3

I have two 2D numpy square arrays, A and B. B is an array extracted from A where a certain number of columns and rows (with the same indices) have been stripped. Both of them are symmetric. For instance, A and B could be:

A = np.array([[1,2,3,4,5],
              [2,7,8,9,10],
              [3,8,13,14,15],
              [4,9,14,19,20],
              [5,10,15,20,25]])
B = np.array([[1,3,5],
              [3,13,15],
              [5,15,25]])

such that the missing indices are [1,3] and intersecting indices are [0,2,4].

Is there a "smart" way to extract the indices in A corresponding to the rows/columns present in B that involves advanced indexing and such?

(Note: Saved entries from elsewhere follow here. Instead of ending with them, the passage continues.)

(* Dividing the Bernstein relation of H at y = alpha^vee by the non-zero-divisor
   1 - theta(-2 alpha^vee) gives
     theta(alpha^vee) T - T theta(-alpha^vee)
       = (q1 - 1) theta(alpha^vee) + (q1^1/2 q0^1/2 - q1^1/2 q0^-1/2).
   Since n is odd, alpha' is not in 2X', so H' has equal parameters q and, for y = (n/2) alpha'^vee,
     T' theta(-y) = theta(y) T' - (q - 1) sum_(j < n) theta(y - j alpha'^vee).
   Transport the first relation by I and expand it in the Bernstein basis theta_y T'^eps of H'
   with the second one. Pairing the coefficients of theta_y T'^eps with a character psi of Y'
   gives linear forms on H': the T'-part against psi = 1 forces c^2 = 1, and the C[Y']-part
   against psi = 1 and psi = (-1)^<alpha', .> (both trivial on alpha'^vee) gives two equations
   whose comparison forces q1 = 1 or q0 = 1, which is impossible for qb > 1. *)

From HB Require Import structures.
From mathcomp Require Import all_boot all_order all_algebra.
From mathcomp Require Import reals exp.
From mathcomp Require Import complex.
From mathcomp Require Import ring zify.
From Stdlib Require Import ClassicalEpsilon.
Import Order.TTheory GRing.Theory Num.Theory.
Set Implicit Arguments. Unset Strict Implicit. Unset Printing Implicit Defensive.
Local Open Scope ring_scope.

Lemma big_partition_undup (M : nmodType) (I J : eqType)
    (t : seq I) (f : I -> J) (F : I -> M) :
  \sum_(i <- t) F i = \sum_(j <- undup (map f t)) \sum_(i <- t | f i == j) F i.
Proof.
under [RHS]eq_bigr => j _ do rewrite big_mkcond.
rewrite exchange_big /=; apply: eq_big_seq => i it.
rewrite -big_mkcond -big_filter /=.
have -> : [seq j <- undup (map f t) | f i == j] = [:: f i].
  rewrite -(filter_pred1_uniq (undup_uniq (map f t))); last by rewrite mem_undup map_f.
  by apply: eq_filter => j; rewrite eq_sym.
by rewrite big_seq1.
Qed.

Section CoordinateFunctionals.
Variables (C : fieldType) (V : lmodType C) (K : eqType) (b : K -> V).
Hypothesis b_free : forall (s : seq K) (c : K -> C), uniq s ->
  \sum_(p <- s) c p *: b p = 0 -> forall p, p \in s -> c p = 0.
Hypothesis b_span : forall v : V, exists (s : seq K) (c : K -> C),
  v = \sum_(p <- s) c p *: b p.

Definition lincomb (t : seq (K * C)) : V := \sum_(u <- t) u.2 *: b u.1.

Lemma lincomb_cat t t' : lincomb (t ++ t') = lincomb t + lincomb t'.
Proof. exact: big_cat. Qed.

Lemma lincomb_partition t :
  lincomb t = \sum_(p <- undup (map fst t)) (\sum_(u <- t | u.1 == p) u.2) *: b p.
Proof.
rewrite /lincomb (big_partition_undup _ fst); apply: eq_bigr => p _.
by rewrite scaler_suml; apply: eq_bigr => u /eqP ->.
Qed.

Lemma lincomb_eq0_coef t : lincomb t = 0 -> forall p, \sum_(u <- t | u.1 == p) u.2 = 0.
Proof.
rewrite lincomb_partition => t0 p.
have [pt | pNt] := boolP (p \in undup (map fst t)).
  exact: (b_free (undup_uniq _) t0 pt).
rewrite big_seq_cond big1 // => u /andP[ut /eqP up].
by move: pNt; rewrite mem_undup -up map_f.
Qed.

Lemma lincomb_eq0_eval w t : lincomb t = 0 -> \sum_(u <- t) u.2 * w u.1 = 0.
Proof.
move/lincomb_eq0_coef => coef0; rewrite (big_partition_undup _ fst) big1 // => p _.
rewrite (eq_bigr (fun u => u.2 * w p)) => [|u /eqP -> //].
by rewrite -mulr_suml coef0 mul0r.
Qed.

Lemma lincomb_span v : exists t, v = lincomb t.
Proof.
have [s [c ->]] := b_span v.
by exists [seq (p, c p) | p <- s]; rewrite /lincomb big_map.
Qed.

Definition coords (v : V) : seq (K * C) :=
  proj1_sig (constructive_indefinite_description _ (lincomb_span v)).

Lemma coordsK v : lincomb (coords v) = v.
Proof. by rewrite /coords; case: constructive_indefinite_description. Qed.

Definition eval_coords (w : K -> C) (v : V) : C :=
  \sum_(u <- coords v) u.2 * w u.1.

Lemma eval_coords_lincomb w t : eval_coords w (lincomb t) = \sum_(u <- t) u.2 * w u.1.
Proof.
set t' := coords (lincomb t).
have /(lincomb_eq0_eval w) : lincomb (t ++ [seq (u.1, - u.2) | u <- t']) = 0.
  rewrite lincomb_cat /lincomb big_map.
  rewrite [X in _ + X](eq_bigr (fun u => - (u.2 *: b u.1))) => [|u _]; last exact: scaleNr.
  by rewrite sumrN -/(lincomb t') coordsK subrr.
rewrite big_cat big_map /=.
rewrite [X in _ + X](eq_bigr (fun u => - (u.2 * w u.1))) => [|u _]; last exact: mulNr.
by rewrite sumrN => /eqP; rewrite subr_eq0 => /eqP.
Qed.

Lemma eval_coords_is_linear w : linear_for *%R (eval_coords w).
Proof.
move=> a v v'; rewrite -[v]coordsK -[v']coordsK.
set s := coords v; set s' := coords v'.
have -> : a *: lincomb s + lincomb s' = lincomb ([seq (u.1, a * u.2) | u <- s] ++ s').
  rewrite lincomb_cat /lincomb big_map scaler_sumr.
  by congr (_ + _); apply: eq_bigr => u _; rewrite scalerA.
rewrite !eval_coords_lincomb big_cat big_map mulr_sumr /=.
by congr (_ + _); apply: eq_bigr => u _; rewrite mulrA.
Qed.

Definition coord_eval (w : K -> C) : {scalar V} :=
  HB.pack (eval_coords w) (GRing.isLinear.Build C V C *%R _ (eval_coords_is_linear w)).

Lemma coord_eval_lincomb w t : coord_eval w (lincomb t) = \sum_(u <- t) u.2 * w u.1.
Proof. exact: eval_coords_lincomb. Qed.

Lemma coord_eval_basis w p : coord_eval w (b p) = w p.
Proof.
have -> : b p = lincomb [:: (p, 1)] by rewrite /lincomb big_seq1 scale1r.
by rewrite coord_eval_lincomb big_seq1 mul1r.
Qed.

Lemma eq_coord_eval w w' : w =1 w' -> coord_eval w =1 coord_eval w'.
Proof. by move=> ww' v; apply: eq_bigr => u _; rewrite ww'. Qed.

Lemma coord_eval_weightB w w' v :
  coord_eval (fun p => w p - w' p) v = coord_eval w v - coord_eval w' v.
Proof. by rewrite -sumrB; apply: eq_bigr => u _; rewrite mulrBr. Qed.

Lemma coord_eval_weightZ a w v : coord_eval (fun p => a * w p) v = a * coord_eval w v.
Proof. by rewrite mulr_sumr; apply: eq_bigr => u _; rewrite mulrCA. Qed.
(* Explicit identities expressing F_{i+1,j} and p^{e+2} in R_{i+1} through ind and
   jnd of elements of R_i; they show that S(I) contains the generators of J_{i+1,0}. *)

Lemma ind_F i j : (j < i)%N ->
  Fij p i.+1 j = addR (ind i.+1 (Fij p i j)) (scaleR (pz p (i - j)) (Fij p i.+1 i)).
Proof.
move=> j_lt; apply/ffunP=> t; rewrite !ffunE.
case: (leqP t i) => t_le.
  rewrite /= inordK ?ltnS // (@ltn_eqF t i.+1 t_le).
  by case: (val t == j); case: (val t == i); ring.
have t_top : val t = i.+1 by apply/eqP; rewrite eqn_leq -ltnS ltn_ord t_le.
have j_lt1 : (j < i.+1)%N by rewrite ltnS ltnW.
rewrite t_top eqxx (gtn_eqF j_lt1) (gtn_eqF (ltnSn i)).
by rewrite /pz subSnn (subSn (ltnW j_lt)) exprS; ring.
Qed.

Lemma ind_intR i (z : int) :
  intR i.+1 (z * p%:Z) = addR (ind i.+1 (intR i z)) (scaleR (- z) (Fij p i.+1 i)).
Proof.
apply/ffunP=> t; rewrite !ffunE /pz subSnn expr1.
case: (leqP t i) => t_le.
  rewrite /= inordK ?ltnS // (@ltn_eqF t i.+1 t_le).
  by case: (t == i :> nat); ring.
have t_top : val t = i.+1 by apply/eqP; rewrite eqn_leq -ltnS ltn_ord t_le.
by rewrite t_top eqxx (gtn_eqF (ltnSn i)); ring.
Qed.

Lemma partS_add k (x y : Rk k) t : partS p (addR x y) t = partS p x t + partS p y t.
Proof. by rewrite /partS -big_split /=; apply: eq_bigr => s _; rewrite ffunE mulrDl. Qed.

Lemma sum_if_eq n (j : 'I_n) (P : pred 'I_n) (c : int) :
  \sum_(s < n | P s) (if s == j then c else 0) = if P j then c else 0.
Proof.
rewrite big_mkcond (bigD1 j) //= eqxx big1 ?addr0 // => s s_neq.
by rewrite (negbTE s_neq) if_same.
Qed.

Lemma partS_intR k z t : partS p (intR k z) t = if (t <= k)%N then z else 0.
Proof.
rewrite /partS (eq_bigr (fun s : 'I_k.+1 => if s == ord_max then z else 0)) ?sum_if_eq //.
move=> s _; rewrite ffunE; case: eqP => [s_top|s_ne].
  by rewrite (_ : s = ord_max) ?eqxx /= ?subnn /pz ?expr0 ?mulr1 //; apply: val_inj.
by rewrite mul0r ifF //; apply/eqP=> s_top; rewrite s_top in s_ne.
Qed.

Lemma partS_basisX k j t : (j <= k)%N ->
  partS p (basisX k j) t = if (t <= j)%N then pz p (k - j) else 0.
Proof.
move=> j_le; rewrite /partS.
rewrite (eq_bigr (fun s : 'I_k.+1 => if s == inord j then pz p (k - j) else 0)).
  by rewrite sum_if_eq inordK.
move=> s _; rewrite ffunE; case: eqP => [s_j|s_ne].
  by rewrite (_ : s = inord j) ?eqxx ?mul1r ?inordK //; apply: val_inj; rewrite /= inordK.
by rewrite mul0r ifF //; apply/eqP=> s_j; rewrite s_j /= inordK in s_ne.
Qed.

Lemma partS_F n t :
  partS p (Fij p n.+1 n) t =
  (if (t <= n)%N then p%:Z else 0) - (if (t <= n.+1)%N then p%:Z else 0).
Proof.
rewrite /Fij partS_add partS_intR partS_basisX // /pz subSnn expr1.
by case: (t <= n)%N; case: (t <= n.+1)%N; rewrite ?subr0 ?addr0 ?oppr0 ?add0r ?sub0r.
Qed.

Hypothesis p_gt1 : (1 < p)%N.

Let p_neq0 : p%:Z != 0. Proof. by rewrite eqz_nat gtn_eqF // ltnW. Qed.

Let exp_split (a : int) : a ^+ p = a ^+ (p - 2) * a ^+ 2.
Proof. by rewrite -exprD subnK. Qed.

Lemma F10_from_p :
  Fij p 1 0 = addR (scaleR (-1) (jnd p 1 (intR 0 p%:Z)))
                   (scaleR (pz p (p - 2)) (ind 1 (intR 0 p%:Z))).
Proof.
apply/ffunP=> t; rewrite !ffunE; case: t => [[|[|t]] t_lt] //=.
  case: (inord 0 : 'I_1) => [[|//] ?] /=.
  rewrite (subn0 1) subnn expn1 expn0 /pz expr1.
  have -> : (p%:Z) ^+ p - (p%:Z) ^+ 1 = ((p%:Z) ^+ (p - 2) * p - 1) * p.
    by rewrite exp_split; ring.
  by rewrite mulzK //; ring.
by rewrite /pz (subn0 1) expr1 mulr0; ring.
Qed.

(* The integer q = (-p)^p / p^2 appearing in jnd F_{n+1,n}. *)
Let q : int := (-1) ^+ p * p%:Z ^+ (p - 2).

Let negp_exp : (- p%:Z) ^+ p = p%:Z ^+ 2 * q.
Proof. by rewrite exprNn (exp_split p%:Z) /q; ring. Qed.

Lemma jnd_F_coef n (t : 'I_n.+3) :
  jnd p n.+2 (Fij p n.+1 n) t =
  if val t == n.+2 then - p%:Z
  else if val t == n.+1 then p%:Z * q + 1
  else if val t == n then - q
  else 0.
Proof.
have F_top : Fij p n.+1 n ord_max = - p%:Z.
  by rewrite !ffunE /= (gtn_eqF (ltnSn n)) eqxx /pz subSnn expr1 add0r.
rewrite /jnd ffunE F_top; case: t => m m_lt /=.
have [m_lt_n | m_gt_n | ->] := ltngtP m n.
- have [-> ->] : (m == n.+2) = false /\ (m == n.+1) = false by split; apply/eqP; lia.
  rewrite !partS_F.
  have [-> -> -> ->] : [/\ (m <= n)%N, (m <= n.+1)%N, (m.+1 <= n)%N & (m.+1 <= n.+1)%N].
    by split; lia.
  by rewrite !subrr div0z.
- case: eqP => [//|m_ne]; have -> : m = n.+1 by lia.
  rewrite eqxx subSnn subnn expn1 expn0 expr1 negp_exp /pz expr1.
  have -> : p%:Z ^+ 2 * q - - p%:Z = (p%:Z * q + 1) * p%:Z by rewrite expr2; ring.
  by rewrite mulzK.
- have [-> ->] : (n == n.+2) = false /\ (n == n.+1) = false by split; apply/eqP; lia.
  rewrite !partS_F leqnn leqnSn ltnn ltnSn subrr !sub0r subSnn expn1 expr0n.
  rewrite (gtn_eqF (ltnW p_gt1)) sub0r negp_exp (_ : (n.+2 - n = 2)%N); last by lia.
  by rewrite /pz -mulrN mulrC mulzK // expf_neq0.
Qed.

Lemma F_from_jnd_F n :
  Fij p n.+2 n.+1 = addR (jnd p n.+2 (Fij p n.+1 n)) (scaleR q (ind n.+2 (Fij p n.+1 n))).
Proof.
apply/ffunP=> t; rewrite [RHS]ffunE jnd_F_coef ![in RHS]ffunE.
rewrite [LHS]ffunE [basisX _ _ _]ffunE [intR _ _ _]ffunE /pz subSnn expr1.
case: (leqP t n.+1) => t_le.
  rewrite /= inordK ?ltnS // (@ltn_eqF t n.+2 t_le) subSnn expr1.
  case: eqP => [->|_]; first by rewrite (gtn_eqF (ltnSn n)); ring.
  by case: (t == n :> nat); ring.
have t_top : val t = n.+2 by apply/eqP; rewrite eqn_leq -ltnS ltn_ord t_le.
by rewrite t_top !eqxx (gtn_eqF (ltnSn n.+1)); ring.
Qed.

End InductionFormulas.

Section GeneratorsOfS.
Variable p : nat.

Lemma S_ind i (J : Rk i -> Prop) x : J x -> @Sid p i J (ind i.+1 x).
Proof. by move=> Jx; apply: gen_incl; exists x; split=> //; left. Qed.

Lemma S_jnd i (J : Rk i -> Prop) x : J x -> @Sid p i J (jnd p i.+1 x).
Proof. by move=> Jx; apply: gen_incl; exists x; split=> //; right. Qed.

Hypothesis p_gt1 : (1 < p)%N.

(* If J = aug^-1(p^{e+1}Z) in R_i with e <= i, then F_{i+1,i} lies in S(J):
   for i = 0 this uses p in J, for i > 0 it uses F_{i,i-1} in J. *)
Lemma S_contains_F_top i (J : Rk i -> Prop) e : (e <= i)%N ->
  (forall x, J x <-> (pz p e.+1 %| aug p x)%Z) -> @Sid p i J (Fij p i.+1 i).
Proof.
have idS (k : nat) (I : Rk k -> Prop) : is_ideal p (@Sid p k I) by apply: gen_ideal.
case: i J => [|n] J e_le J_aug.
  have Jp : J (intR 0 p%:Z).
    by apply/J_aug; move: e_le; rewrite leqn0 => /eqP ->; rewrite aug_intR /pz expr1.
  rewrite (F10_from_p p_gt1).
  exact: ideal_add (idS _ _) (ideal_scale _ (idS _ _) (S_jnd Jp))
                   (ideal_scale _ (idS _ _) (S_ind Jp)).
have JF : J (Fij p n.+1 n) by apply/J_aug; rewrite aug_F.
rewrite (F_from_jnd_F p_gt1).
exact: ideal_add (idS _ _) (S_jnd JF) (ideal_scale _ (idS _ _) (S_ind JF)).
Qed.

Lemma S_contains_generators i (J : Rk i -> Prop) e : (e <= i)%N ->
  (forall x, J x <-> (pz p e.+1 %| aug p x)%Z) ->
  (forall j, (j < i.+1)%N -> @Sid p i J (Fij p i.+1 j)) /\
  @Sid p i J (intR i.+1 (pz p e.+2)).
Proof.
move=> e_le J_aug; have idS : is_ideal p (@Sid p i J) by apply: gen_ideal.
have S_top := S_contains_F_top e_le J_aug.
split=> [j|].
  rewrite ltnS leq_eqVlt => /orP [/eqP ->|j_lt]; first exact: S_top.
  have JF : J (Fij p i j) by apply/J_aug; rewrite (aug_F p (ltnW j_lt)).
  by rewrite (ind_F p j_lt); apply: ideal_add idS (S_ind JF) (ideal_scale _ idS S_top).
have Jpe : J (intR i (pz p e.+1)) by apply/J_aug; rewrite aug_intR.
rewrite /pz exprSr (ind_intR p i).
exact: ideal_add idS (S_ind Jpe) (ideal_scale _ idS S_top).
Qed.

End GeneratorsOfS.


(* One step of the induction: if I_i = aug^-1(p^{e+1}Z) with e <= i, then
   S(I_i) <= I_{i+1} <= L(I_i) = aug^-1(p^{e+1}Z), and by the sandwich lemma
   I_{i+1} = L(I_i), or I_{i+1} = aug^-1(p^{e+2}Z) = S(I_i). *)
Lemma omega_ideal_step p l (I : forall k, Rk k -> Prop) i e :
  prime p -> is_omega_ideal p l I -> (i < l)%N -> (e <= i)%N ->
  (forall x, I i x <-> (pz p e.+1 %| aug p x)%Z) ->
  ((forall x, I i.+1 x <-> @Sid p i (I i) x) \/ (forall x, I i.+1 x <-> @Lid p i (I i) x)) /\
  (exists2 e', (e' <= e.+1)%N & forall x, I i.+1 x <-> (pz p e'.+1 %| aug p x)%Z).
Proof.
move=> p_prime [idI closedI] i_lt e_le Ii_aug.
have idI1 : is_ideal p (I i.+1) by apply: idI.
have [ind_I [res_I jnd_I]] := closedI i i_lt.
have S_le_I y : @Sid p i (I i) y -> I i.+1 y.
  by apply: gen_min => // _ [x [Ix [->|->]]]; [apply: ind_I | apply: jnd_I].
have L_aug y : @Lid p i (I i) y <-> (pz p e.+1 %| aug p y)%Z by rewrite /Lid Ii_aug aug_res.
have [SF Sp] := S_contains_generators (prime_gt1 p_prime) e_le Ii_aug.
have IF j : (j < i.+1)%N -> I i.+1 (Fij p i.+1 j) by move=> j_lt; apply: S_le_I; apply: SF.
have I_le_L y : I i.+1 y -> (pz p e.+1 %| aug p y)%Z by move=> /res_I /L_aug.
have [I_eq_L | I_eq_pe2] := aug_sandwich p_prime idI1 IF (S_le_I _ Sp) I_le_L.
  by split; [right=> x; rewrite I_eq_L L_aug | exists e].
have S_eq_pe2 : forall x, @Sid p i (I i) x <-> (pz p e.+2 %| aug p x)%Z.
  apply: ideal_eq_aug_preimage SF Sp _ => [|x /S_le_I /I_eq_pe2 //].
  exact: gen_ideal.
by split; [left=> x; rewrite I_eq_pe2 S_eq_pe2 | exists e.+1].
Qed.

Lemma omega_ideal_aug p l (I : forall k, Rk k -> Prop) :
  prime p -> is_omega_ideal p l I ->
  (forall x : Rk 0, I 0%N x <-> (p%:Z %| x ord0)%Z) ->
  forall i, (i <= l)%N ->
    exists2 e, (e <= i)%N & forall x, I i x <-> (pz p e.+1 %| aug p x)%Z.
Proof.
move=> p_prime omegaI I0; elim=> [_|i IHi i_lt].
  by exists 0%N => // x; rewrite I0 aug_R0 /pz expr1.
have [e e_le Ii_aug] := IHi (ltnW i_lt).
have [_ [e' e'_le Ii1_aug]] := omega_ideal_step p_prime omegaI i_lt e_le Ii_aug.
by exists e' => //; apply: leq_trans e'_le _.
Qed.
(* Let $\nu$ be a signature. The subspace $H_\nu\subset\mathfrak H_\nu$ is invariant under the operators $\mathfrak r_\nu(\mathcal A)$ for all $\mathcal A\in\widetilde{\mathrm{Hinge}}_n$.
   Context: Let $V=\mathbb C^n$ with basis $e_1,\dots,e_n$. A signature is a tuple of integers $\nu_1\ge\dots\ge\nu_n\ge0$; put $\nu_{n+1}=0$, $\mathfrak H_\nu=\bigotimes_{j=1}^n(\Lambda^jV)^{\otimes(\nu_j-\nu_{j+1})}$, $\Xi_\nu=\bigotimes_j(e_1\wedge\dots\wedge e_j)^{\otimes(\nu_j-\nu_{j+1})}$. For $\mathcal A=(A_0,\dots,A_n)$ with $A_j\in\mathrm{Mat}(\Lambda^jV)$, $\mathfrak r_\nu(\mathcal A)=\bigotimes_jA_j^{\otimes(\nu_j-\nu_{j+1})}$. With $\lambda^j_{\mathrm{cha}}(g)v_1\wedge\dots\wedge v_j=gv_1\wedge\dots\wedge gv_j$, $H_\nu$ is the linear span of the vectors $\mathfrak r_\nu(\lambda^0_{\mathrm{cha}}(g),\dots,\lambda^n_{\mathrm{cha}}(g))\Xi_\nu$, $g\in\mathrm{GL}_n(\mathbb C)$. A linear relation is a subspace $P\subset V\oplus V$; $\mathrm{Ker}\,P=\{v: v\oplus0\in P\}$, $\mathrm{Dom}\,P,\mathrm{Im}\,P$ the projections to the first and second summands, $\mathrm{Indef}\,P=\{w:0\oplus w\in P\}$, $\mathrm{rk}\,P=\dim\mathrm{Dom}\,P-\dim\mathrm{Ker}\,P$. If $\dim P=n$, choose bases $f_1,\dots,f_a,g_1,\dots,g_b,h_1,\dots,h_c$ and $F_1,\dots,F_a,G_1,\dots,G_b,H_1,\dots,H_c$ of $V$ with $P$ spanned by $0\oplus F_i$, $g_j\oplus G_j$, $h_k\oplus0$; $\lambda(P)$ maps $f_1\wedge\dots\wedge f_a\wedge g_{i_1}\wedge\dots\wedge g_{i_s}$ to $F_1\wedge\dots\wedge F_a\wedge G_{i_1}\wedge\dots\wedge G_{i_s}$ and kills the other basis monomials (up to scalar); $\lambda^m(P)$ its restriction to $\Lambda^mV$. A hinge is a sequence $\mathcal P=(P_1,\dots,P_k)$ of $n$-dimensional relations with $\mathrm{Ker}\,P_j=\mathrm{Dom}\,P_{j+1}$, $\mathrm{Im}\,P_j=\mathrm{Indef}\,P_{j+1}$, $\mathrm{Dom}\,P_1=V$, $\mathrm{Im}\,P_k=V$, $\mathrm{rk}\,P_j>0$. For each $m$ there is a nonzero $\lambda^m(P_j)$, and any two nonzero ones are proportional; $\lambda^m(\mathcal P)$ denotes it (up to scalar). $\widetilde{\mathrm{Hinge}}_n$ is the set of tuples $(c_0\lambda^0(\mathcal P),\dots,c_n\lambda^n(\mathcal P))$ with $\mathcal P$ a hinge and $c_j\in\mathbb C$. *)

From HB Require Import structures.
From mathcomp Require Import all_boot all_order all_algebra.
From mathcomp Require Import reals.
From mathcomp.real_closed Require Import complex.
Unset Printing Implicit Defensive.
Import Order.TTheory GRing.Theory Num.Theory.
Local Open Scope ring_scope.

Section Defs.
Variables (K : fieldType) (n : nat).

(* ---------- exterior algebra Lambda V, V = K^n, basis e_S, S : {set 'I_n} ----
   e_S = e_{s_1} /\ ... /\ e_{s_k} with s_1 < ... < s_k (enum S is increasing).
   A vector of Lambda V is given by its coordinates {set 'I_n} -> K; Lambda^m V
   is spanned by the e_S with #|S| = m.                                       *)

(* coordinates (on the basis e_S) of the wedge  b_{u_1} /\ ... /\ b_{u_k},
   u_1 < ... < u_k the elements of U, where b_i is the i-th row of B
   (b_i = \sum_k B i k e_k):  the coefficient of e_S is the minor B[U,S]. *)
Definition wedge (B : 'M[K]_n) (U : {set 'I_n}) (S : {set 'I_n}) : K :=
  if #|S| == #|U| then
    \det (\matrix_(i < #|U|, j < #|U|)
            B (enum_val i) (nth (enum_val i) (enum S) j))
  else 0.

(* lambda_cha(g) on Lambda V, as a matrix on the basis e_S:
   entry (S, T) = coefficient of e_S in g e_{t_1} /\ ... /\ g e_{t_k}
   (g e_t is the t-th column of g, i.e. the t-th row of g^T). *)
Definition lambda_cha (g : 'M[K]_n) (S T : {set 'I_n}) : K := wedge g^T T S.

(* ---------- signatures and the tensor space frak H_nu ----------
   nu = [:: nu_1; ...; nu_n], nu_{n+1} = 0 (= nth 0 nu n). *)
Definition signature (nu : seq nat) : Prop :=
  size nu = n /\ sorted geq nu.

Definition nuj (nu : seq nat) (j : nat) : nat := nth 0%N nu j.-1.

(* list of the degrees of the tensor factors of frak H_nu, in order:
   degree j (1 <= j <= n) repeated nu_j - nu_{j+1} times *)
Definition degs (nu : seq nat) : seq nat :=
  flatten [seq nseq (nuj nu j - nuj nu j.+1) j | j <- iota 1 n].

(* basis of frak H_nu: tuples (S_t)_t of subsets with #|S_t| = degree of factor t *)
Definition TIdx (nu : seq nat) : finType :=
  {I : {ffun 'I_(size (degs nu)) -> {set 'I_n}} |
     [forall t, #|I t| == nth 0%N (degs nu) t]}.

(* a tuple A = (A_0, ..., A_n), A_m in Mat(Lambda^m V), given as
   A m S T for #|S| = #|T| = m (other entries are irrelevant). *)
Definition MatTuple := nat -> {set 'I_n} -> {set 'I_n} -> K.

Definition rnu (nu : seq nat) (A : MatTuple) (x : TIdx nu -> K) : TIdx nu -> K :=
  fun I => \sum_(J : TIdx nu)
            (\prod_(t < size (degs nu))
               A (nth 0%N (degs nu) t) (val I t) (val J t)) * x J.

(* Xi_nu = tensor product of the e_1 /\ ... /\ e_j *)
Definition Xi (nu : seq nat) : TIdx nu -> K :=
  fun I => if [forall t, val I t == [set i : 'I_n | (i < nth 0%N (degs nu) t)%N]]
           then 1 else 0.

Definition Hgen (nu : seq nat) (g : 'M[K]_n) : TIdx nu -> K :=
  rnu nu (fun _ => lambda_cha g) (Xi nu).

Definition inH (nu : seq nat) (x : TIdx nu -> K) : Prop :=
  exists (m : nat) (gs : 'I_m -> 'M[K]_n) (cs : 'I_m -> K),
    (forall i, gs i \in unitmx) /\
    forall I, x I = \sum_(i < m) cs i * Hgen nu (gs i) I.

(* ---------- linear relations ----------
   A linear relation P in V (+) V is the row space of P : 'M_(n+n); a row
   vector of K^(n+n) is v (+) w = row_mx v w. *)
Definition relDom (P : 'M[K]_(n + n)) : 'M[K]_(n + n, n) := lsubmx P.
Definition relIm (P : 'M[K]_(n + n)) : 'M[K]_(n + n, n) := rsubmx P.
Definition relKer (P : 'M[K]_(n + n)) : 'M[K]_(n + n, n) :=
  kermx (rsubmx P) *m lsubmx P.
Definition relIndef (P : 'M[K]_(n + n)) : 'M[K]_(n + n, n) :=
  kermx (lsubmx P) *m rsubmx P.
Definition relrk (P : 'M[K]_(n + n)) : nat :=
  (\rank (relDom P) - \rank (relKer P))%N.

All I could come up with was:

        import numpy as np
        index = np.array([],dtype=int)
        n,m = len(A),len(B)
        for j in range(n):
            k = 0
            while set(np.intersect1d(B[j],A[k])) != set(B[j]) and k<m:
                k+=1
            np.append(index,k)

which I'm aware is slow and resource-consuming when dealing with large arrays.

Thank you!

Edit: I did find a smarter way. I extract the diagonal from both arrays and perform the aforementioned loop on it with a simple equality check:

        index = []
        a = np.diag(A)
        b = np.diag(B)
        for j in range(len(b)):
            k = 0
            while a[j+k] != b[j] and k<n:
                k+=1
            index.append(k+j)

Although it still doesn't use advanced indexing and still iterates over a potentially long list, this partial solution looks cleaner and I'm going to stick with it for the time being.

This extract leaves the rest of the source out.